ReviewStory of Sea Shepherd’s epic high-seas hunt for poachers revealed in new book
One of Catching Thunder’s strongest points is that the authors – investigative journalists who accompanied the chasing vessel – track down players on each side, piecing together their testimonies on the 110-day chase
Catching Thunder: The Story of the World’s Longest Sea Chase
by Eskil Engdal and Kjetil Sæter
Zed Books
The longest sea chase in recent history started in late December 2014. It would last for 110 days and 16,000km. Few on board the two vessels involved could have expected the ordeal ahead of them, or the way the chase would end.

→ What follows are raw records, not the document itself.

(* Let $D[X]$ be a directed sub-block and let $W\subsetneq X$ with $|W|\ge2$ contain a node $i$ that is reachable from all other nodes both in $D[W]$ and in $D[X]$. Then there is a node $k\in X\setminus W$ such that $W\cup\{k\}$ can be generated from $W$, and $i$ is reachable from all other nodes in $D[W\cup\{k\}]$.
   Context: $D=(V,A)$ is a directed graph. $\mathrm{IN}(X)$ is the set of nodes from which some member of $X$ is reachable by a directed path. For disjoint nonempty $X,Y,Z$, $f_E(X,Y,Z)=1$ iff $\mathrm{IN}(X)\cap\mathrm{IN}(Y)=\emptyset$ computed in $D-Z$; node $j$ is dynamically partitioning relative to $k$ and $Y$ iff $f_E(\{k\},Y,\{j\})=1$. A set $W_n$ of size $n$ can be generated from $W_m$ of size $m$, $2\le m<n$, iff there are sets $W_m\subset\dots\subset W_n$ with $W_{l+1}=W_l\cup\{k\}$, $k\in V\setminus W_l$, such that there is an arc from $k$ to some $j\in W_l$ that is not dynamically partitioning relative to $k$ and $W_l\setminus\{j\}$. $D[W]$ is the subgraph induced on $W$; reachability in $D[W]$ is via directed paths inside $D[W]$. A graph is biconnected if it has at least three vertices, is connected and remains connected after deleting any one vertex. $D[X]$ is a directed sub-block if some node of $X$ is reachable within $D[X]$ from all other nodes and the underlying undirected graph of $D[X]$ is biconnected. *)

(* A directed graph D = (V, A) is a finite type V with an
   arc relation a : rel V (a u v  <->  arc u -> v). *)
From mathcomp Require Import all_boot.
Set Implicit Arguments. Unset Strict Implicit. Unset Printing Implicit Defensive.

Section Defs.
Variables (V : finType) (a : rel V).

Definition restr (S : {set V}) : rel V :=
  [rel u v | [&& u \in S, v \in S & a u v]].

Definition reach_in (S : {set V}) (u v : V) : bool :=
  [&& u \in S, v \in S & connect (restr S) u v].

Definition IN_minus (X Z : {set V}) : {set V} :=
  [set u | (u \notin Z) && [exists x in X, reach_in (~: Z) u x]].

Definition fE (X Y Z : {set V}) : bool :=
  IN_minus X Z :&: IN_minus Y Z == set0.

Definition dyn_part (j k : V) (Y : {set V}) : bool := fE [set k] Y [set j].

Definition gen_step (W W' : {set V}) : Prop :=
  exists k, [/\ k \notin W, W' = k |: W &
    exists j, [/\ j \in W, a k j & ~~ dyn_part j k (W :\ j)]].

Inductive gen_chain : {set V} -> {set V} -> Prop :=
| gen_one W W' : gen_step W W' -> gen_chain W W'
| gen_more W W' W'' : gen_step W W' -> gen_chain W' W'' -> gen_chain W W''.

Definition can_generate (W W' : {set V}) : Prop :=
  2 <= #|W| /\ #|W| < #|W'| /\ gen_chain W W'.

Definition root_in (S : {set V}) (i : V) : Prop :=
  i \in S /\ forall u, u \in S -> reach_in S u i.

Definition uedge : rel V := [rel u v | (u != v) && (a u v || a v u)].

Definition uconnected_in (S : {set V}) : bool :=
  [forall u in S, forall v in S, connect [rel x y | [&& x \in S, y \in S & uedge x y]] u v].

Definition ubiconnected_in (S : {set V}) : bool :=
  [&& 3 <= #|S|, uconnected_in S & [forall v in S, uconnected_in (S :\ v)]].

Definition sub_block (X : {set V}) : Prop :=
  (exists i, root_in X i) /\ ubiconnected_in X.

End Defs.

(* Take any s in X \ W and follow a path of D[X] from s to the root i: it enters W through an
   arc k0 -> j.  An arc k -> j into W keeps i a root of D[W + k], and it is a generation step as
   soon as some node u reaches both k and W \ {j} in D - j.  If k0 itself does not reach W \ {j}
   in D - j, use that D[X] - j is still weakly connected: the set of nodes reaching W \ {j} in
   D - j is closed under predecessors and misses k0, so some arc q -> p leads out of it.  The path
   from p to i enters W through some arc k -> y after avoiding W, and y = j since p does not
   reach W \ {j}; then u = q works for k. *)
From mathcomp Require Import all_boot.

Set Implicit Arguments.
Unset Strict Implicit.
Unset Printing Implicit Defensive.

Lemma connect_first_entry (T : finType) (e : rel T) (P : pred T) x y :
  connect e x y -> ~~ P x -> P y ->
  exists p q, [/\ connect [rel u v | [&& ~~ P u, ~~ P v & e u v]] x p,
                  ~~ P p, e p q & P q].
Proof.
move=> /connectP [s]; elim: s x => [|z s IH] x /=.
  by move=> _ -> Px Py; move: Px; rewrite Py.
move=> /andP [exz pzs] ly Px Py.
case Pz: (P z); first by exists x, z; split.
have [p [q [c Pp epq Pq]]] := IH z pzs ly (negbT Pz) Py.
exists p, q; split => //; apply: connect_trans c.
by apply: connect1; rewrite /= Px Pz exz.
Qed.

Section Reachability.
Variables (V : finType) (a : rel V).
Implicit Types (P S X W Y Z : {set V}) (i j k u v w : V).

Lemma reach_in_refl S u : u \in S -> reach_in a S u u.
Proof. by move=> uS; rewrite /reach_in uS connect0. Qed.

Lemma reach_in_arc S u v : u \in S -> v \in S -> a u v -> reach_in a S u v.
Proof. by move=> uS vS auv; rewrite /reach_in uS vS connect1 // /restr /= uS vS. Qed.

Lemma reach_in_trans S v u w :
  reach_in a S u v -> reach_in a S v w -> reach_in a S u w.
Proof.
move=> /and3P [uS _ cuv] /and3P [_ wS cvw].
by rewrite /reach_in uS wS (connect_trans cuv cvw).
Qed.

Lemma reach_in_sub S S' u v :
  S \subset S' -> reach_in a S u v -> reach_in a S' u v.
Proof.
move=> /subsetP sub /and3P [uS vS c].
rewrite /reach_in (sub u uS) (sub v vS); apply: connect_sub c => x y /and3P [xS yS axy].
by apply: connect1; rewrite /restr /= (sub x xS) (sub y yS).
Qed.

Lemma in_IN_minus Y Z u :
  (u \in IN_minus a Y Z) = [exists y in Y, reach_in a (~: Z) u y].
Proof.
rewrite inE; apply: andb_idl => /exists_inP [y _ /and3P [uZ _ _]].
by rewrite inE in uZ.
Qed.

Lemma IN_minus_self Y Z y : y \in Y -> y \notin Z -> y \in IN_minus a Y Z.
Proof.
move=> yY yZ; rewrite in_IN_minus; apply/exists_inP; exists y => //.
by apply: reach_in_refl; rewrite inE.
Qed.

Lemma IN_minus_reach Y Z u v :
  reach_in a (~: Z) u v -> v \in IN_minus a Y Z -> u \in IN_minus a Y Z.
Proof.
rewrite !in_IN_minus => ruv /exists_inP [y yY rvy].
by apply/exists_inP; exists y => //; apply: reach_in_trans ruv rvy.
Qed.

Lemma common_ancestor_not_dyn_part j k Y u :
  u \in IN_minus a [set k] [set j] -> u \in IN_minus a Y [set j] ->
  ~~ dyn_part a j k Y.
Proof. by move=> uk uY; apply/set0Pn; exists u; rewrite inE uk. Qed.

Lemma uconnected_out_arc S P x y :
  uconnected_in a S -> x \in S -> y \in S -> x \notin P -> y \in P ->
  (forall u v, u \in S -> v \in S -> a u v -> v \in P -> u \in P) ->
  exists p q, [/\ p \in S, q \in S, p \notin P, q \in P & a q p].
Proof.
move=> /forall_inP /(_ x) conn xS yS Px Py closedP.
move: (conn xS) => /forall_inP /(_ y yS) cxy.
have [p [q [_ Pp /and3P [pS qS /andP [_ /orP [apq | aqp]]] Pq]]] :=
  connect_first_entry (P := fun v => v \in P) cxy Px Py.
  by rewrite (closedP p q) in Pp.
by exists p, q.
Qed.

Lemma can_generate_setU1 W k j :
  2 <= #|W| -> k \notin W -> j \in W -> a k j -> ~~ dyn_part a j k (W :\ j) ->
  can_generate a W (k |: W).
Proof.
move=> W2 kW jW akj ndp; split => //; split; first by rewrite cardsU1 kW.
by apply: gen_one; exists k; split => //; exists j.
Qed.

Lemma root_in_setU1 W i k j :
  root_in a W i -> j \in W -> a k j -> root_in a (k |: W) i.
Proof.
move=> [iW rootW] jW akj; have WkW := subsetUr [set k] W.
split; first by rewrite in_setU1 iW orbT.
move=> v; rewrite in_setU1 => /predU1P [-> | vW]; last first.
  exact: reach_in_sub WkW (rootW v vW).
apply: reach_in_trans (reach_in_sub WkW (rootW j jW)).
by apply: reach_in_arc; rewrite ?setU11 ?in_setU1 ?jW ?orbT.
Qed.

Section EntryArcs.
Variables (X W : {set V}) (i : V).
Hypotheses (rootX : root_in a X i) (iW : i \in W).

Lemma entry_arc s : s \in X :\: W ->
  exists k j, [/\ k \in X :\: W, j \in W, a k j & reach_in a (X :\: W) s k].
Proof.
move=> sXW; have /setDP [sX sW] := sXW.
have /and3P [_ _ csi] := rootX.2 s sX.
have [k [j [csk kW /and3P [kX jX akj] jW]]] := connect_first_entry csi sW iW.
have kXW : k \in X :\: W by rewrite inE kW.
exists k, j; split => //; rewrite /reach_in sXW kXW /=.
apply: connect_sub csk => x y /and3P [xW yW /and3P [xX yX axy]].
by apply: connect1; rewrite /restr /= !inE xW yW xX yX.
Qed.

Lemma not_dyn_part_entry_arc_of_escape j p q :
    let R := IN_minus a (W :\ j) [set j] in
  j \in W -> p \in X :\ j -> q != j -> a q p -> q \in R -> p \notin R ->
  exists k, [/\ k \in X :\: W, a k j & ~~ dyn_part a j k (W :\ j)].
Proof.
move=> R jW /setD1P [pj pX] qj aqp Rq Rp.
have pW : p \notin W by apply: contra Rp => pW; rewrite IN_minus_self ?inE ?pj.
have pXW : p \in X :\: W by rewrite inE pW.
have [k [y [kXW yW aky rpk]]] := entry_arc pXW.
have XWj : X :\: W \subset ~: [set j].
  by apply/subsetP => u /setDP [_ uW]; rewrite !inE; apply: contraNneq uW => ->.
have {}rpk := reach_in_sub XWj rpk.
have kj : k != j by case/setDP: kXW => _ kW; apply: contraNneq kW => ->.
have yj : y = j.
  apply/eqP; apply: contraNT Rp => yj.
  have Ry : y \in R by rewrite IN_minus_self // !inE yj.
  have rky : reach_in a (~: [set j]) k y by apply: reach_in_arc; rewrite // !inE ?kj.
  exact: IN_minus_reach rpk (IN_minus_reach rky Ry).
subst y; exists k; split => //.
have rqp : reach_in a (~: [set j]) q p by apply: reach_in_arc; rewrite // !inE ?pj.
apply: (common_ancestor_not_dyn_part _ Rq).
by apply: IN_minus_reach rqp (IN_minus_reach rpk _); rewrite IN_minus_self ?set11 ?inE.
Qed.

Hypotheses (bicX : ubiconnected_in a X) (WX : W \subset X) (W2 : 2 <= #|W|).

Lemma not_dyn_part_entry_arc s : s \in X :\: W ->
  exists k j, [/\ k \in X :\: W, j \in W, a k j & ~~ dyn_part a j k (W :\ j)].
Proof.
move=> sXW; have [k0 [j [k0XW jW ak0j _]]] := entry_arc sXW.
have /setDP [k0X k0W] := k0XW.
have k0j : k0 != j by apply: contraNneq k0W => ->.
set R := IN_minus a (W :\ j) [set j].
have [Rk0 | Rk0] := boolP (k0 \in R).
  exists k0, j; split => //; apply: common_ancestor_not_dyn_part Rk0.
  by rewrite IN_minus_self ?set11 ?inE.
have [w wWj] : exists w, w \in W :\ j.
  by apply/set0Pn; rewrite -card_gt0; move: W2; rewrite (cardsD1 j W) jW add1n.
have /setD1P [wj wW] := wWj.
have Rw : w \in R by rewrite IN_minus_self // inE.
have /and3P [_ _ /forall_inP /(_ j (subsetP WX j jW)) connXj] := bicX.
have [p [q [pXj /setD1P [qj _] Rp Rq aqp]]] :
    exists p q, [/\ p \in X :\ j, q \in X :\ j, p \notin R, q \in R & a q p].
  apply: (uconnected_out_arc connXj _ _ Rk0 Rw).
  - by rewrite in_setD1 k0j.
  - by rewrite in_setD1 wj (subsetP WX).
  - move=> u v /setD1P [uj _] /setD1P [vj _] auv; apply: IN_minus_reach.
    by apply: reach_in_arc; rewrite // !inE.
have [k [kXW akj ndp]] := not_dyn_part_entry_arc_of_escape jW pXj qj aqp Rq Rp.
by exists k, j.
Qed.

End EntryArcs.
End Reachability.

Theorem mainTheorem10 (V : finType) (a : rel V) (X W : {set V}) (i : V) :
  sub_block a X ->
  W \proper X ->
  2 <= #|W| ->
  root_in a W i ->
  root_in a X i ->
  exists k, [/\ k \in X :\: W,
                can_generate a W (k |: W) &
                root_in a (k |: W) i].
Proof.
move=> [_ bicX] /properP [WX [s sX sW]] W2 rootW rootX.
have sXW : s \in X :\: W by rewrite inE sW.
have [k [j [kXW jW akj ndp]]] :=
  not_dyn_part_entry_arc rootX rootW.1 bicX WX W2 sXW.
have /setDP [_ kW] := kXW.
exists k; split => //; first exact: can_generate_setU1 W2 kW jW akj ndp.
exact: root_in_setU1 rootW jW akj.
Qed.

This is the story told in Catching Thunder, by Eskil Engdal and Kjetil Sæter, two Norwegian investigative journalists who accompanied the chasing vessel, the Sea Shepherd Conservation Society ship Bob Barker. Engdal and Sæter have dedicated considerable time and resources to exploring the murky world of illegal fishing, particularly operations in Antarctic waters, which offer some of the most lucrative fish poaching in the world.
The area, an icy sea far outside the reaches of most countries and their navies, is an inhospitable region frequented only by research vessels and intrepid fishing boats. It is also home to the Patagonian toothfish, which some say is the best-tasting fish in the world.
Described in the book as a “petulant and repulsive giant that can grow to a weight of 120 kilograms and live more than 50 years”, the Patagonian toothfish (also known as the Chilean sea bass) is a “deep sea delicacy that can be just as profitable as narcotics or human trafficking”. In the wild west waters around the Antarctic, this makes it a tempting proposition.
In 2014, the Thunder, a notorious poaching vessel, was part of a group of ships known as the “Bandit 6”, which illegally fished Antarctic waters for years, earning their secretive owners tens of millions of dollars in the process. The Bob Barker, meanwhile, with its crew of 31, is part of Sea Shepherd, a more militant environmental group that grew out of Greenpeace – its flag bears the skull of a pirate flag, but with the crossbones replaced by a shepherd’s crook and a trident.
Sea Shepherd had previously been a thorn in the side of Japanese whalers. However, with whaling in decline, the group decided to home in on a new target: the Bandit 6.
These vessels included the Thunder, the Viking, the Kunlun, the Yongding, the Songhua and the Perlon – although each went by many names. They had been plundering the stock of Patagonian toothfish for years, gliding in and out of ports, mostly in Asia, to discharge their illegal cargos. While their officers were predominantly Spanish and South American, the deck crews were hired from Asian countries such as Indonesia.

This was what the Bob Barker and its 30-year-old Swedish-American captain, Peter Hammarstedt, were up against when they decided to take on the Thunder.
Sailing into frigid waters in search of their target, they watch the radar for telltale signs of slow-moving dots out of sync with the shifting icebergs. Within two days they have located the Thunder and, after an initial game of chicken through the pack ice, the boats settle in for a long chase, each wary of the other but unwilling to resort to extreme measures.

Catching Thunder is about more than just the pursuit of one ship, however. Its main focus is the years-long efforts to track these vessels and their mysterious owners on both sea and land. Beyond attempts to bring the ships’ owners to justice, the book explores the challenges involved in trying to police international waters far from populated areas.

These countries sell ship registration with few questions asked, offering legitimacy to owners who want to operate outside the law but scant ways to trace them. When an official at the Nigerian coastguard starts digging into the Thunder partway through the chase, he finds a confusing situation. The vessel has been registered in Nigeria four years earlier by a shipping agent using the address of a bankrupt amusement park in Lagos. The amusement park, once popular, is now inhabited by petty criminals and vagrants, with one corner used as a makeshift cemetery.

Following the money trail proves harder still, with the profits hidden in tax shelters and only a handful on board aware of the identities of their real bosses. Despite the lengths to which the owners go to hide their involvement, the trail eventually leads to Europe, to a region with a history of smuggling and involvement in the cocaine trade.
The authors take readers on a journey as they seek to come face-to-face with those profiting from poaching, and realise the challenges involved in bringing them to justice. One of the book’s strengths is that Engdal and Sæter track down players on both sides, telling the story from all angles. We get the experiences of the environmentalists, the officers on the fishing vessels, the Indonesian crews, and even of those involved in the operations on land.
When the Thunder begins to run out of fuel off the coast of the tiny island state of São Tomé and Principe, off the western coast of Africa, tension builds again with the fear of violence and the need to gather evidence before it vanishes.